"USA i Wielka Brytania utajniały informacje o Katyniu"
- Kraje sojusznicze, takie jak Stany Zjednoczone czy Wielka Brytania brały udział w procesie utajniania informacji o mordzie w Katyniu - powiedział Aleksander Szczygło w programie Gość Radia Zet. - W tym przypadku Amerykanie wraz z Brytyjczykami powinni też zająć stanowisko w tej sprawie, bo to są te dwa państwa, które wtedy odgrywały istotną rolę na świecie - dodał szef Biura Bezpieczeństwa Narodowego.

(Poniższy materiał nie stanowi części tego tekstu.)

(* Assume $S\times M\neq\emptyset$, let $(x,\lambda):[t_0,+\infty[\ \to X\times Y$ be a solution of (AHT), and suppose there exists $t_+\ge t_0$ such that $\varepsilon^2(t)+\dot\varepsilon(t)\ge0$ and $2\varepsilon(t)\dot\varepsilon(t)+\ddot\varepsilon(t)\le0$ for all $t\ge t_+$. Then \[ \|(\dot x(t),\dot\lambda(t))\|^2=\mathcal{O}\big(e^{-2\rho(t)}+\varepsilon^2(t)\big)\quad\text{as } t\to+\infty. \]
   Context: $X,Y$ are real Hilbert spaces; $X\times Y$ carries the product inner product and norm $\|\cdot\|$. Standing assumptions: $f:X\to\mathbb{R}$ is convex and continuously differentiable with $\nabla f$ Lipschitz continuous on bounded subsets of $X$; $A:X\to Y$ is linear and continuous with adjoint $A^*$; $b\in Y$; $\varepsilon:[t_0,+\infty[\ \to\ ]0,+\infty[$ ($t_0\ge0$) is twice continuously differentiable with $\lim_{t\to+\infty}\varepsilon(t)=0$. $L(x,\lambda)=f(x)+\langle\lambda,Ax-b\rangle_Y$. $S$ is the set of optimal solutions of $\min\{f(x):Ax=b\}$, $M$ the set of Lagrange multipliers; $S\times M$ is the set of saddle points of $L$. $\rho(t)=\int_{t_0}^t\varepsilon(\tau)\,d\tau$. (AHT) is the system $\dot x+\nabla f(x)+A^*\lambda+\varepsilon(t)x=0$, $\dot\lambda+b-Ax+\varepsilon(t)\lambda=0$; a solution is a continuously differentiable $(x,\lambda):[t_0,+\infty[\ \to X\times Y$ satisfying it on $[t_0,+\infty[$ (existence and uniqueness for every initial datum is assumed). *)

From HB Require Import structures.
From mathcomp Require Import all_boot all_order all_algebra.
From mathcomp Require Import all_classical all_reals all_analysis.
Set Implicit Arguments. Unset Strict Implicit. Unset Printing Implicit Defensive.
Import Order.TTheory GRing.Theory Num.Theory.
Import numFieldNormedType.Exports.
Local Open Scope classical_set_scope.
Local Open Scope ring_scope.

(* A real Hilbert space is modelled as a complete normed space X over R
   together with an inner product ip : X -> X -> R inducing its norm. *)
Definition is_inner_product {R : realType} (X : normedModType R)
  (ip : X -> X -> R) : Prop :=
  [/\ forall x y, ip x y = ip y x,
      forall (a : R) (x y z : X), ip (a *: x + y) z = a * ip x z + ip y z
    & forall x, ip x x = `|x| ^+ 2].

Definition convex_fun {R : realType} (X : normedModType R) (f : X -> R) : Prop :=
  forall (x y : X) (s : R), 0 <= s <= 1 ->
    f (s *: x + (1 - s) *: y) <= s * f x + (1 - s) * f y.

Definition is_gradient {R : realType} (X : normedModType R)
  (ip : X -> X -> R) (f : X -> R) (g : X -> X) : Prop :=
  forall x : X, differentiable f x /\ (forall h : X, 'd f x h = ip (g x) h).

Definition lipschitz_on_bounded {R : realType} (X : normedModType R)
  (g : X -> X) : Prop :=
  forall r : R, exists L : R, forall x y : X,
    `|x| <= r -> `|y| <= r -> `|g x - g y| <= L * `|x - y|.

Definition lagrangian {R : realType} (X Y : normedModType R)
  (ipY : Y -> Y -> R) (f : X -> R) (A : X -> Y) (b : Y) (x : X) (lam : Y) : R :=
  f x + ipY lam (A x - b).

(* (xs, ls) is a saddle point of L, i.e. an element of S x M *)
Definition saddle_point {R : realType} (X Y : normedModType R)
  (ipY : Y -> Y -> R) (f : X -> R) (A : X -> Y) (b : Y) (xs : X) (ls : Y) : Prop :=
  forall (x : X) (mu : Y),
    lagrangian ipY f A b xs mu <= lagrangian ipY f A b xs ls /\
    lagrangian ipY f A b xs ls <= lagrangian ipY f A b x ls.

Definition rho {R : realType} (eps : R -> R) (t0 t : R) : R :=
  \int[lebesgue_measure]_(s in `[t0, t]) eps s.

(* The filter t --> +oo on R, packed as a filter_on so that it can be used
   with the Landau notation f =O_F g. *)
Definition pinfty_filter (R : realType) : filter_on R :=
  FilterType (pinfty_nbhs R) (@proper_pinfty_nbhs R).

(* Write z = (x, lam) and V(z, e) = (aht_x, aht_lam), so that (AHT) reads
   z' = V(z, eps).  Monotonicity of gradf and skew-adjointness of the coupling
   give, for all states and parameters,
     <V(z1, e1) - V(z0, e0), z1 - z0>
       <= - (e0 + e1)/2 |z1 - z0|^2 - (e1 - e0)/2 (|z1|^2 - |z0|^2).
   Comparing z with a saddle point, Gronwall's lemma with weight exp(rho)
   shows that z is bounded.  Since z need not be twice differentiable, the
   velocity is replaced by difference quotients: comparing z(t + h) with z(t),
     E_h(t) = |(z(t+h) - z(t))/h|^2 + (eps(t+h) - eps(t))/h * (P(t+h) - P(t))/h
   with P = int_t0 |z|^2 satisfies E_h' <= - (eps(t) + eps(t+h)) E_h, because
   eps^2 + eps' is nonincreasing and P is nondecreasing.  Hence
   E_h(t) exp(rho(t) + rho(t+h)) is nonincreasing; letting h -> 0 gives
   |z'|^2 + eps' |z|^2 = O(exp(-2 rho)), and eps' >= - eps^2 together with the
   boundedness of z yields the estimate. *)

From HB Require Import structures.
From mathcomp Require Import all_boot all_order all_algebra.
From mathcomp Require Import all_classical all_reals all_analysis.
From mathcomp Require Import ring lra.
Import Order.TTheory GRing.Theory Num.Theory.
Import numFieldNormedType.Exports.
Local Open Scope classical_set_scope.
Local Open Scope ring_scope.
Set Implicit Arguments. Unset Strict Implicit. Unset Printing Implicit Defensive.

Section InnerProduct.
Variables (R : realType) (V : normedModType R) (ip : V -> V -> R).
Hypothesis ip_inner : is_inner_product ip.

Lemma ipC x y : ip x y = ip y x. Proof. by case: ip_inner. Qed.
Lemma ipxx x : ip x x = `|x| ^+ 2. Proof. by case: ip_inner. Qed.

Lemma ipDZl a x y z : ip (a *: x + y) z = a * ip x z + ip y z.
Proof. by case: ip_inner. Qed.

Lemma ip0l z : ip 0 z = 0.
Proof. by have := ipDZl 1 0 0 z; rewrite scaler0 add0r mul1r; lra. Qed.

Lemma ipDl x y z : ip (x + y) z = ip x z + ip y z.
Proof. by rewrite -[x in LHS]scale1r ipDZl mul1r. Qed.

Lemma ipZl a x z : ip (a *: x) z = a * ip x z.
Proof. by rewrite -[_ *: x]addr0 ipDZl ip0l addr0. Qed.

Lemma ipNl x z : ip (- x) z = - ip x z.
Proof. by rewrite -scaleN1r ipZl mulN1r. Qed.

Lemma ipBl x y z : ip (x - y) z = ip x z - ip y z.
Proof. by rewrite ipDl ipNl. Qed.

Lemma ip0r z : ip z 0 = 0. Proof. by rewrite ipC ip0l. Qed.

Lemma ipDr x y z : ip z (x + y) = ip z x + ip z y.
Proof. by rewrite ipC ipDl !(ipC z). Qed.

Lemma ipZr a x z : ip z (a *: x) = a * ip z x.
Proof. by rewrite ipC ipZl ipC. Qed.

Lemma ipNr x z : ip z (- x) = - ip z x.
Proof. by rewrite ipC ipNl ipC. Qed.

Lemma ipBr x y z : ip z (x - y) = ip z x - ip z y.
Proof. by rewrite ipDr ipNr. Qed.

Lemma ipxx_ge0 x : 0 <= ip x x. Proof. by rewrite ipxx sqr_ge0. Qed.

Lemma ipxx_le_sub a b : ip a a <= 2 * ip (a - b) (a - b) + 2 * ip b b.
Proof.
have := ipxx_ge0 (a - 2 *: b).
by rewrite !(ipBl, ipBr, ipZl, ipZr) (ipC b a); lra.
Qed.

Lemma ip_polar a b : ip a b = (`|a + b| ^+ 2 - `|a| ^+ 2 - `|b| ^+ 2) / 2.
Proof. by rewrite -!ipxx ipDl !ipDr (ipC b a); field. Qed.

Lemma cvg_ip (T : Type) (F : set_system T) (FF : Filter F) (g k : T -> V) a b :
  g s @[s --> F] --> a -> k s @[s --> F] --> b ->
  ip (g s) (k s) @[s --> F] --> ip a b.
Proof.
move=> ga kb; under eq_fun do rewrite ip_polar !expr2; rewrite ip_polar !expr2.
apply: cvgM; last exact: cvg_cst.
by apply: cvgB; [apply: cvgB|]; apply: cvgM; apply: cvg_norm => //; apply: cvgD.
Qed.

End InnerProduct.

Section DifferenceQuotient.
Variables (R : realType) (W : normedModType R).
Implicit Types (g : R -> W) (t h : R) (d : W).

Definition diffq g (h t : R) : W := h^-1 *: (g (t + h) - g t).

Lemma diffq_shiftE g t :
  (fun h : R => h^-1 *: ((g \o shift t) (h *: 1) - g t)) = diffq g ^~ t.
Proof. by rewrite funeqE => h; rewrite /diffq /= [h%:A]mulr1 (addrC h). Qed.

Lemma is_derive_diffqP g t d :
  is_derive t 1 g d <-> diffq g h t @[h --> 0^'] --> d.
Proof.
split=> [gd | gd].
  rewrite -(diffq_shiftE g t) -(derive_val (is_derive := gd)).
  exact: (ex_derive (is_derive := gd)).
apply: DeriveDef; first by rewrite /derivable (diffq_shiftE g t); apply/cvg_ex; exists d.
by rewrite /derive (diffq_shiftE g t); exact: cvg_lim gd.
Qed.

09.04.2010 | aktual.: 09.04.2010 10:30
A gościem Radia Zet jest Aleksander Szczygło, szef Biura Bezpieczeństwa Narodowego, wita Monika Olejnik, dzień dobry. Dzień dobry, witam. 23 maja dobra data dla prezydenta żeby ogłosić tak, startuję? Prezydent... Jest prezydentem, wiemy. Jest prezydentem i... Nazywa się Lech Kaczyński, wiemy. I podejmie decyzję - nie wiem, ja nic nie wiem o dacie 23 maja. Ale może to się odbywać bez pana wiedzy, taka data? Pewnie tak. Czyli pan nie wie? Na pewno pan nie wie? Nie wiem, to znaczy wydaje się... Jakiś BBN jest oddalony od... Od czego? Od dworu. Jest tak, że prezydent podejmie decyzję i ją ogłosi, a jaka to będzie data, jaka to będzie decyzja, to jest wiedza znana tylko prezydentowi. To myśli pan, że "Rzeczpospolita" wymyśliła sobie tę datę 23 maja? Pan zawsze czyta "Rzeczpospolitą" i zawsze mówi, że wszystko jest takie ciekawe w tym dzienniku, więc myślę, że taki dziennik nie kłamie, nie wymyśliłby sobie takiej daty. Czytam pani redaktor "Rzeczpospolitą", "Wyborczą", "Dziennik" i "Polskę The Times". Dobrze,
Marek Kuchciński byłby dobrym szefem kampanii. Nie ciągnijmy tego tematu, bo ja nie jestem w stanie nic powiedzieć na ten temat. Ale o Marku Kuchcińskim może pan coś powiedzieć. Jest bardzo dobrym posłem Prawa i Sprawiedliwości, znamy się od 2001 roku i mam o nim dobre zdanie. Ale czy byłby dobrym szefem kampanii? Nie zastanawiałem się nad tym. No dobrze, to sprawy panu bliższe, w Pradze podpisano porozumienie między Ameryką a Rosją, dobre porozumienie o redukcji zbrojeń, czy taka lipa, żeby zamydlić oczy. To chyba ani jedno, ani drugie. Na pewno jest tak, że to porozumienie jest uzupełnieniem tego, co wygasło w grudniu, w ubiegłym roku. Ale też z drugiej strony powrót do takich praktyk, w których Rosja staje się w przekonaniu Amerykanów, partnerem tak jak w latach zimnej wojny, to znaczy tu spotkanie, szczyt, itd., świat jest o wiele bardziej wielobiegunowy teraz niż było to w okresie zimnej wojny i są takie kraje, jak Chiny, Indie, jak Brazylia, które zaczynają odgrywać istotną rolę. Pakistan też.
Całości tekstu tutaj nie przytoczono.